PETALING JAYA (Nov 2): While the Real Property Gains Tax (RPGT) rate will be increased after the fifth year, industry experts believe it will not adversely impact the property market as the quantum of increase is rather minimal.

In the Budget 2019 tabled by Finance Minister Lim Guan Eng today, the government proposed that the RPGT rates to be revised for disposals of properties or shares in property holding companies after the sixth year as follows: for companies and foreigners, the rate shall be increased from 5% to 10%; and for Malaysian individuals, the rate shall be increased from 0% to 5%.

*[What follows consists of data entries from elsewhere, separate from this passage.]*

Lemma geometric_tail_small (K q eps : R) (k : nat) : 0 <= q < 1 -> 0 < eps ->
  exists n, (k <= n)%nat /\ K * q ^ S n / (1 - q) <= eps.
Proof.
  intros q01 eps0; set (c := Rabs K + 1).
  assert (c0 : 0 < c) by (unfold c; pose proof (Rabs_pos K); lra).
  assert (y0 : 0 < eps * (1 - q) / c) by (apply Rdiv_lt_0_compat; [apply Rmult_lt_0_compat |]; lra).
  destruct (pow_lt_1_zero q ltac:(rewrite Rabs_pos_eq; lra) _ y0) as [N HN].
  exists (max k N); split; [lia |].
  specialize (HN (S (max k N)) ltac:(lia)); rewrite Rabs_pos_eq in HN by (apply pow_le; lra).
  apply (Rmult_lt_compat_l c) in HN; [| exact c0].
  replace (c * (eps * (1 - q) / c)) with (eps * (1 - q)) in HN by (field; lra).
  apply (Rmult_le_reg_r (1 - q)); [lra |].
  replace (K * q ^ S (max k N) / (1 - q) * (1 - q)) with (K * q ^ S (max k N)) by (field; lra).
  pose proof (Rle_abs K); pose proof (pow_le q (S (max k N)) (proj1 q01)); unfold c in HN; nra.
Qed.

Lemma cauchy_estimate (d : coef) (r M : R) (k : nat) : inA d -> 0 <= r < 1 ->
  (forall z w, Cmod z = r -> eval_is d z w -> Cmod w <= M) -> Cmod (d k) * r ^ k <= M.
Proof.
  intros Hd r01 HM.
  destruct (coef_geometric_decay d r Hd r01) as [K [q [q01 decay]]].
  apply Rle_plus_epsilon; intros eps eps0.
  destruct (geometric_tail_small K q eps k q01 eps0) as [n [kn small]].
  pose proof (coef_circle_bound d r M K q n k Hd r01 kn HM q01 decay); lra.
Qed.

(** * Locally uniform convergence and compactness *)

Lemma lu_near_refl (h : coef) (r eps : R) : 0 < eps -> lu_near h r eps h.
Proof.
  intros eps0 z u v _ Hu Hv; rewrite (eval_unique h z u v Hu Hv).
  replace (v - v)%C with (RtoC 0) by ring; rewrite Cmod_0; exact eps0.
Qed.

Lemma lu_near_trans (h1 h2 h3 : coef) (r e1 e2 : R) : r < 1 -> inA h2 ->
  lu_near h1 r e1 h2 -> lu_near h2 r e2 h3 -> lu_near h1 r (e1 + e2) h3.
Proof.
  intros r1 A2 N12 N23 z u v zr Hu Hv.
  destruct (A2 z ltac:(lra)) as [w Hw].
  specialize (N12 z u w zr Hu Hw); specialize (N23 z w v zr Hw Hv).
  replace (v - u)%C with ((v - w) + (w - u))%C by ring.
  eapply Rle_lt_trans; [apply Cmod_triangle | lra].
Qed.

Definition lu_interior (B : coef -> Prop) (h : coef) : Prop :=
  inA h /\ exists r eps, 0 <= r < 1 /\ 0 < eps /\
    forall h', inA h' -> lu_near h r eps h' -> B h'.

Lemma lu_interior_open (B : coef -> Prop) : openA (lu_interior B).
Proof.
  intros h [Ah [r [eps [r1 [eps0 HB]]]]]; split; [exact Ah |].
  exists r, (eps / 2); split; [exact r1 | split; [lra |]].
  intros g Ag Ng; split; [exact Ag |].
  exists r, (eps / 2); split; [exact r1 | split; [lra |]].
  intros h' Ah' N'; apply HB; [exact Ah' |].
  replace eps with (eps / 2 + eps / 2) by field.
  apply lu_near_trans with g; auto; lra.
Qed.

Lemma lu_interior_sub (B : coef -> Prop) (h : coef) : lu_interior B h -> B h.
Proof.
  intros [Ah [r [eps [_ [eps0 HB]]]]]; apply HB; [exact Ah | apply lu_near_refl, eps0].
Qed.

Record lu_ball := { ball_center : coef; ball_radius : R; ball_eps : R }.

Definition in_lu_ball (b : lu_ball) : coef -> Prop :=
  lu_near (ball_center b) (ball_radius b) (ball_eps b).

Lemma compactA_cluster (V : coef -> Prop) (H : nat -> coef) :
  compactA V -> (forall n, V (H n)) ->
  exists g, V g /\ forall r eps N, 0 <= r < 1 -> 0 < eps ->
    exists n, (N <= n)%nat /\ lu_near g r eps (H n).
Proof.
  intros [V_A cover] VH; apply NNPP; intro no_cluster.
  (* Otherwise every g in V has a ball that H eventually leaves for good, and H M
     lies in none of the balls of a finite subcover once M exceeds their thresholds. *)
  set (escapes := fun (b : lu_ball) (N : nat) =>
    V (ball_center b) /\ (0 <= ball_radius b < 1 /\ 0 < ball_eps b) /\
    forall n, (N <= n)%nat -> ~ in_lu_ball b (H n)).
  assert (esc : forall g, V g -> exists r eps N, escapes (Build_lu_ball g r eps) N).
  { intros g Vg; apply NNPP; intro C; apply no_cluster; exists g; split; [exact Vg |].
    intros r eps N r1 eps0; apply NNPP; intro C'; apply C; exists r, eps, N.
    split; [exact Vg | split; [split; assumption |]].
    intros n Nn Hn; apply C'; exists n; split; assumption. }
  set (I := {p : lu_ball * nat | escapes (fst p) (snd p)}).
  destruct (cover I (fun i => lu_interior (in_lu_ball (fst (proj1_sig i)))))
    as [l Hl].
  - intro i; apply lu_interior_open.
  - intros g Vg; destruct (esc g Vg) as [r [eps [N E]]].
    exists (exist _ (Build_lu_ball g r eps, N) E).
    destruct (proj1 (proj2 E)) as [r1 eps0]; simpl in *.
    split; [exact (V_A g Vg) |].
    exists r, eps; split; [exact r1 | split; [exact eps0 |]].
    intros h' Ah' N'; exact N'.
  - set (M := list_max (map (fun i : I => snd (proj1_sig i)) l)).
    destruct (Hl (H M) (VH M)) as [[[b N] E] [il Hi]].
    apply lu_interior_sub in Hi.
    apply (proj2 (proj2 E) M); [| exact Hi].
    apply (proj1 (Forall_forall _ _) (proj1 (list_max_le _ M) (le_n M))).
    exact (in_map (fun i : I => snd (proj1_sig i)) l _ il).
Qed.

Lemma coef_lu_continuous (f : coef) (k : nat) (δ : R) : inA f -> 0 < δ ->
  exists r eps, 0 <= r < 1 /\ 0 < eps /\
    forall g, inA g -> lu_near f r eps g -> Cmod (g k - f k)%C < δ.
Proof.
  intros Af δ0; exists (1 / 2), (δ / 2 * (1 / 2) ^ k).
  assert (half_k : 0 < (1 / 2) ^ k) by (apply pow_lt; lra).
  split; [lra | split; [apply Rmult_lt_0_compat; lra |]].
  intros g Ag near.
  set (d := fun m => (g m - f m)%C).
  assert (Ad : inA d).
  { intros z z1; destruct (Af z z1) as [u Hu], (Ag z z1) as [v Hv].
    exists (v - u)%C; exact (eval_minus f g z u v Hu Hv). }
  assert (bound : Cmod (d k) * (1 / 2) ^ k <= δ / 2 * (1 / 2) ^ k).
  { apply (cauchy_estimate d (1 / 2) _ k Ad ltac:(lra)); intros z w z_half Hw.
    assert (z1 : Cmod z < 1) by lra.
    destruct (Af z z1) as [u Hu], (Ag z z1) as [v Hv].
    rewrite (eval_unique d z w (v - u)%C Hw (eval_minus f g z u v Hu Hv)).
    left; apply (near z u v); [lra | exact Hu | exact Hv]. }
  apply Rmult_le_reg_r in bound; [unfold d in bound; lra | exact half_k].
Qed.

(** * Minimal representations *)

Lemma strict_incr_ge (φ : nat -> nat) : (forall n, (φ n < φ (S n))%nat) ->
  forall n, (n <= φ n)%nat.
Proof. intros incr n; induction n as [| n IH]; [lia | specialize (incr n); lia]. Qed.

Lemma strict_incr_le (φ : nat -> nat) : (forall n, (φ n < φ (S n))%nat) ->
  forall n m, (n <= m)%nat -> (φ n <= φ m)%nat.
Proof. intros incr n m nm; induction nm as [| m _ IH]; [lia | specialize (incr m); lia]. Qed.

However, low cost, low-medium cost and affordable housing priced below RM200,000 will be exempted from RPGT. 

In response to this announcement, Henry Butcher Malaysia chief operating officer Tang Chee Meng said although this is not a positive news to the market, it is not expected to create a significant impact due to the low increase in tax rate.

VPC Alliance (KL) Sdn Bhd managing director James Wong concurred, adding that this will not have an adverse effect on the property market as the tax is only 10% and 5% respectively, and only if there is a capital gain.

However, Tang noted that the increased stamp duty for property transfers worth more than RM1 million is expected to have a negative impact on the high-end property market, which is already suffering from slow sales.

In the budget, the government proposes to increase the stamp duty on the transfer of property priced over RM1 million from 3% to 4%.

“Regarding the two-year stamp duty exemption for first RM300,000 for houses priced up to RM500,000, at least there is some relief for those who are buying properties up to RM500,000. 

“And the six-month stamp duty exemption for first-time buyers of houses priced between RM300,000 to RM1 million will also provide temporary help to offset the extra burden of the higher stamp duty [for properties worth more than RM1 million],” he told

Meanwhile, Wong noted that while Budget 2019 has outlined a few laudable moves to assist the lower income group to own a home, there are no concrete measures to address the overhang in the property market.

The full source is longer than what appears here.